Abstract. -- This paper reads Ye Yonglie’s two stories about China’s encounter with future pandemics—“Performance is Not Postponed” (1979) and “Disease of Love” (1986)—as critical comments on post-Mao China’s reform and a vital sign of Chinese science fiction’s transformation in its understanding of the future. The paper first analyzes the representation of index patients and logistical infrastructures to reveal the tension between contagion and communication in Ye’s pandemic stories. While contagion triggers speculation about the nation’s biological and ideological immunity, it nonetheless foregrounds communication as necessary for China’s desired modernization. The paper then examines communication as the central theme of China’s reform by reading Ye’s two stories as narratives of information flow and control. Comparing them with Ye’s Little Smarty Travels to the Future (1978), the paper discusses how Ye’s pandemic stories disrupt and interrogate a utopian vision of communication that underlies post-Mao China’s political and technological reorientation. The paper finally associates the critical awareness of modernization in Ye’s outbreak narratives with a shifting understanding of the ontological condition of the future.
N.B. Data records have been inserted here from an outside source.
Inductive bwd d (Q : vec d -> R) : state d -> state d -> Prop :=
| bwd_leave : forall st : state d,
    (stF st = set0 \/
     forall i, i \in stF st -> Qdrop Q (stbeta st) i - Q (stbeta st) >= head 0 (stds st) / 2) ->
    bwd Q st st
| bwd_remove : forall (st st' st'' : state d) (j : 'I_d),
    stF st != set0 ->
    (exists i, i \in stF st /\ Qdrop Q (stbeta st) i - Q (stbeta st) < head 0 (stds st) / 2) ->
    j \in stF st ->
    (forall i, i \in stF st -> Qdrop Q (stbeta st) j <= Qdrop Q (stbeta st) i) ->
    stF st' = stF st :\ j ->
    is_hat Q (stF st') (stbeta st') ->
    stds st' = behead (stds st) ->
    bwd Q st' st'' ->
    bwd Q st st''.

Definition iter_obj d (Q : vec d -> R) (st st'' : state d) : Prop :=
  exists st', fwd_obj Q st st' /\ bwd Q st' st''.

Definition foba_obj_run d (Q : vec d -> R) (delta : R) (tr : nat -> state d) : Prop :=
  tr 0%N = init_state d /\
  forall t : nat, ~ stop_obj Q delta (tr t) -> iter_obj Q (tr t) (tr t.+1).

(* The analysis follows the states of the algorithm at the beginning of each
   iteration and maintains the invariant [within_budget]: the state is well
   formed (its vector is the restricted minimiser of its support and every
   recorded forward gain is at least [delta]), the backward loop has exited,
   and [#|F| + kb < s].

   - Each iteration lowers the potential [Q(beta) + (sum of gains)/2] by at
     least [delta/2] (a forward gain is at least [delta] since the stopping
     test failed; each backward removal costs less than half of the gain it
     forgets), and the potential is bounded below by [min Q].  Hence the run
     stops ([first_stop]).
   - The budget is preserved ([forward_within_budget]): when the backward
     loop removes nothing, all coordinates of the old and new minimisers are
     large (restricted smoothness along coordinates), the gradient of the
     sparse optimum is small (threshold on [delta]), and two applications of
     restricted strong convexity at level [s] ([missed_mass_bound],
     [new_mass_bound]) bound the number of new coordinates outside the
     optimal support; the hypothesis on [s] closes the arithmetic. *)
From HB Require Import structures.
From Stdlib Require Import Reals Lra Psatz Wf_nat FunctionalExtensionality Classical.
From mathcomp Require Import all_boot zify.
Local Open Scope R_scope.

Lemma RplusA : associative Rplus. Proof. by move=> x y z; ring. Qed.
Lemma RplusC : commutative Rplus. Proof. by move=> x y; ring. Qed.
Lemma Rplus0 : left_id 0 Rplus. Proof. by move=> x; ring. Qed.
HB.instance Definition _ := Monoid.isComLaw.Build R 0 Rplus RplusA RplusC Rplus0.

Lemma rsum_le {d} {f g : 'I_d -> R} :
  (forall i, f i <= g i) -> \big[Rplus/0]_(i < d) f i <= \big[Rplus/0]_(i < d) g i.
Proof. by move=> H; apply: (big_ind2 (fun x y => x <= y)) => // *; lra. Qed.

Lemma rsumD {d} (f g : 'I_d -> R) :
  \big[Rplus/0]_(i < d) (f i + g i) = \big[Rplus/0]_(i < d) f i + \big[Rplus/0]_(i < d) g i.
Proof. exact: big_split. Qed.

Lemma rsumZ {d} c (f : 'I_d -> R) : \big[Rplus/0]_(i < d) (c * f i) = c * \big[Rplus/0]_(i < d) f i.
Proof. by elim/big_rec2: _ => [|i x y _ ->]; ring. Qed.

Lemma rsumB {d} (f g : 'I_d -> R) :
  \big[Rplus/0]_(i < d) (f i - g i) = \big[Rplus/0]_(i < d) f i - \big[Rplus/0]_(i < d) g i.
Proof. by elim/big_rec3: _ => [|i x y z _ ->]; ring. Qed.

Lemma rsum_indicator {d} (A : {set 'I_d}) c :
  \big[Rplus/0]_(i < d) (if i \in A then c else 0) = INR #|A| * c.
Proof.
rewrite -big_mkcond big_const /=; elim: #|A| => [|n IH] /=; first by ring.
by rewrite IH; case: n {IH} => [|n] /=; ring.
Qed.

Definition supported {d} (b : vec d) (F : {set 'I_d}) : Prop :=
  forall j, j \notin F -> b j = 0.

Lemma supported_supp {d} (b : vec d) : supported b (supp b).
Proof. by move=> j; rewrite inE /nzb; case: Req_EM_T. Qed.

Lemma l0_supported {d} {b : vec d} {A : {set 'I_d}} : supported b A -> (l0 b <= #|A|)%N.
Proof.
move=> Hb; apply: subset_leq_card; apply/subsetP => j; rewrite inE.
by apply: contraLR => /Hb ->; rewrite /nzb; case: Req_EM_T.
Qed.

Lemma l0_vsub {d} {x y : vec d} {A B : {set 'I_d}} :
  supported x A -> supported y B -> (l0 (vsub x y) <= #|A :|: B|)%N.
Proof.
move=> Hx Hy; apply: l0_supported => j; rewrite in_setU negb_or => /andP [jA jB].
by rewrite /vsub Hx // Hy //; ring.
Qed.

Lemma hat_supported {d} {Q : vec d -> R} {F b} : is_hat Q F b -> supported b F.
Proof. by case. Qed.

Lemma hat_min {d} {Q : vec d -> R} {F b b'} : is_hat Q F b -> supported b' F -> Q b <= Q b'.
Proof. by case=> _; apply. Qed.

Lemma plus_coord_supported {d} {b : vec d} {F} :
  supported b F -> forall t i, supported (plus_coord b t i) (i |: F).
Proof.
move=> Hb t i j; rewrite in_setU1 negb_or => /andP [ji jF].
by rewrite /plus_coord /vadd /vscale /ej (negbTE ji) Hb //; ring.
Qed.

Lemma plus_coord_in {d} {b : vec d} {F i} :
  supported b F -> i \in F -> forall t, supported (plus_coord b t i) F.
Proof.
move=> Hb iF t j jF; apply: (plus_coord_supported Hb t i j).
by rewrite in_setU1 negb_or jF andbT; apply: contraNneq jF => ->.
Qed.

Lemma drop_supported {d} {b : vec d} {F} :
  supported b F -> forall i, supported (plus_coord b (- b i) i) (F :\ i).
Proof.
move=> Hb i j; rewrite /plus_coord /vadd /vscale /ej.
case: (eqVneq j i) => [-> _|ji]; first by ring.
by rewrite in_setD1 ji /= => /Hb ->; ring.
Qed.

Lemma inner_coord {d} (g b : vec d) a i :
  inner g (vsub (plus_coord b a i) b) = a * g i.
Proof.
rewrite /inner (bigD1 i) //= big1 => [|j /negbTE hj];
  rewrite /vsub /plus_coord /vadd /vscale /ej ?eqxx ?hj /=; ring.
Qed.

Lemma sqnorm_coord {d} (b : vec d) a i : sqnorm (vsub (plus_coord b a i) b) = a * a.
Proof. by rewrite /sqnorm inner_coord /vsub /plus_coord /vadd /vscale /ej eqxx; ring. Qed.

Lemma l0_coord {d} (b : vec d) a i : (l0 (vsub (plus_coord b a i) b) <= 1)%N.
Proof.
rewrite -(cards1 i); apply: l0_supported => j; rewrite inE => /negbTE hj.
by rewrite /vsub /plus_coord /vadd /vscale /ej hj; ring.
Qed.

Lemma infnorm_ge {d} (x : vec d) i : Rabs (x i) <= infnorm x.
Proof.
rewrite /infnorm; have : i \in index_enum 'I_d by rewrite mem_index_enum.
elim: (index_enum 'I_d) => //= j r IH; rewrite in_cons big_cons.
case/orP => [/eqP <-|/IH h]; first exact: Rmax_l.
exact: Rle_trans h (Rmax_r _ _).
Qed.

Section CoordinateSmoothness.
Context {d : nat} {Q : vec d -> R} {grad : vec d -> vec d} {rm1 rp1 : R}.
Hypothesis HR1 : RSC Q grad 1 rm1 rp1.

Let rp1_gt0 : 0 < rp1. Proof. by case: HR1 => _ []. Qed.

Lemma coord_smooth b a i : Q (plus_coord b a i) <= Q b + a * grad b i + rp1 / 2 * (a * a).
Proof.
case: HR1 => _ [_ H]; have [_] := H b (plus_coord b a i) (l0_coord b a i).
rewrite inner_coord sqnorm_coord; lra.
Qed.

Lemma coord_descent b i :
  Q (plus_coord b (- grad b i / rp1) i) <= Q b - grad b i * grad b i / (2 * rp1).
Proof.
have h := coord_smooth b (- grad b i / rp1) i.
have e : - grad b i / rp1 * grad b i + rp1 / 2 * (- grad b i / rp1 * (- grad b i / rp1))
        = - (grad b i * grad b i / (2 * rp1)) by field; lra.
lra.
Qed.

Lemma coord_gain_bound b i G :
  (forall t, Q b - Q (plus_coord b t i) <= G) -> grad b i * grad b i <= 2 * rp1 * G.
Proof.
move=> HG; have h1 := HG (- grad b i / rp1); have h2 := coord_descent b i.
have e : grad b i * grad b i = 2 * rp1 * (grad b i * grad b i / (2 * rp1)) by field; lra.
rewrite e; apply: Rmult_le_compat_l; lra.
Qed.

Lemma coord_min_grad0 b i : (forall t, Q b <= Q (plus_coord b t i)) -> grad b i = 0.
Proof.
move=> Hmin; have : grad b i * grad b i <= 2 * rp1 * 0.
  by apply: coord_gain_bound => t; have := Hmin t; lra.
rewrite Rmult_0_r => h; nra.
Qed.

Lemma drop_cost {b i} : grad b i = 0 -> Qdrop Q b i - Q b <= rp1 / 2 * (b i * b i).
Proof. by move=> g0; have := coord_smooth b (- b i) i; rewrite /Qdrop g0; nra. Qed.

Lemma hat_grad0 {F b} : is_hat Q F b -> forall i, i \in F -> grad b i = 0.
Proof.
move=> Hb i iF; apply: coord_min_grad0 => t; apply: (hat_min Hb).
exact: plus_coord_in (hat_supported Hb) iF t.
Qed.

Lemma sparse_opt_grad0 {bb} :
  (forall b : vec d, (l0 b <= l0 bb)%N -> Q bb <= Q b) -> forall i, i \in supp bb -> grad bb i = 0.
Proof.
move=> Hbar i iF; apply: coord_min_grad0 => t; apply: Hbar.
exact: l0_supported (plus_coord_in (supported_supp bb) iF t).
Qed.

Lemma costly_drop_large {F b j h} :
  is_hat Q F b -> j \in F -> Qdrop Q b j - Q b >= h / 2 -> h <= rp1 * (b j * b j).
Proof. by move=> Hb jF hj; have := drop_cost (hat_grad0 Hb j jF); lra. Qed.

End CoordinateSmoothness.

Lemma cross_bound {g y r p delta} : 0 < r -> 0 < p ->
  4 * (g * g) * p < r * r * delta -> delta <= p * (y * y) -> - (r / 2 * (y * y)) <= g * y.
Proof.
move=> r0 p0 h1 h2.
have h3 : 4 * (g * g) <= r * r * (y * y) by apply: (Rmult_le_reg_l p) => //; nra.
have h4 : Rabs (2 * g) <= Rabs (r * y) by apply: Rsqr_le_abs_0; rewrite /Rsqr; nra.
rewrite !Rabs_mult (Rabs_right 2) ?(Rabs_right r) in h4; try lra.
have ey : y * y = Rabs y * Rabs y by rewrite -Rabs_mult Rabs_right //; nra.
have := Rle_abs (- (g * y)); rewrite Rabs_Ropp Rabs_mult ey; have := Rabs_pos y; nra.
Qed.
Despite not being entirely freed from the Maoist-styled future as a destination of voluntarist and triumphalist progress, Ye’s outbreak narratives begin to conceive of the future as an uncertain and imposing horizon where crises generated by past development break out and demand our response.


Haerin Shin

The Space between 1s and 0s: Intentional Patiency in Computational Creativity

Abstract. -- Challenging humanity’s self-reified monopoly over the domain of hermeneutics, computational creativity destabilizes the foundations of its lexical reference, invoking Walter Benjamin’s musings on the age of technological reproducibility. How may we delineate the parameters of creativity outside the bounds of apperceptive intent, especially if the generative process is strictly reliant upon conditional expressions of correlational nature rather than the transcendental aura of instantaneous inspiration? Should procedurally derived computational outputs deserve the label of creativity? If so, then how do such developments affect and even reconfigure human language to challenge the metrics whereby we inscribe it with social value? By probing the interstitial space between algorithmic design and arbitrary semantics through readings of autonomously written fiction, this essay investigates how computational creativity remediates literary expressivity in text-generating models. Based on the concept of intentional patiency, which I propose as an alternative to the agency of the phenomenological sovereign subject in the valuation and appreciation of nonhuman creativity, the essay asks what it means to write, and what writing means in an age when not only artistic output, but also creative agency may be approaching the singularity event horizon.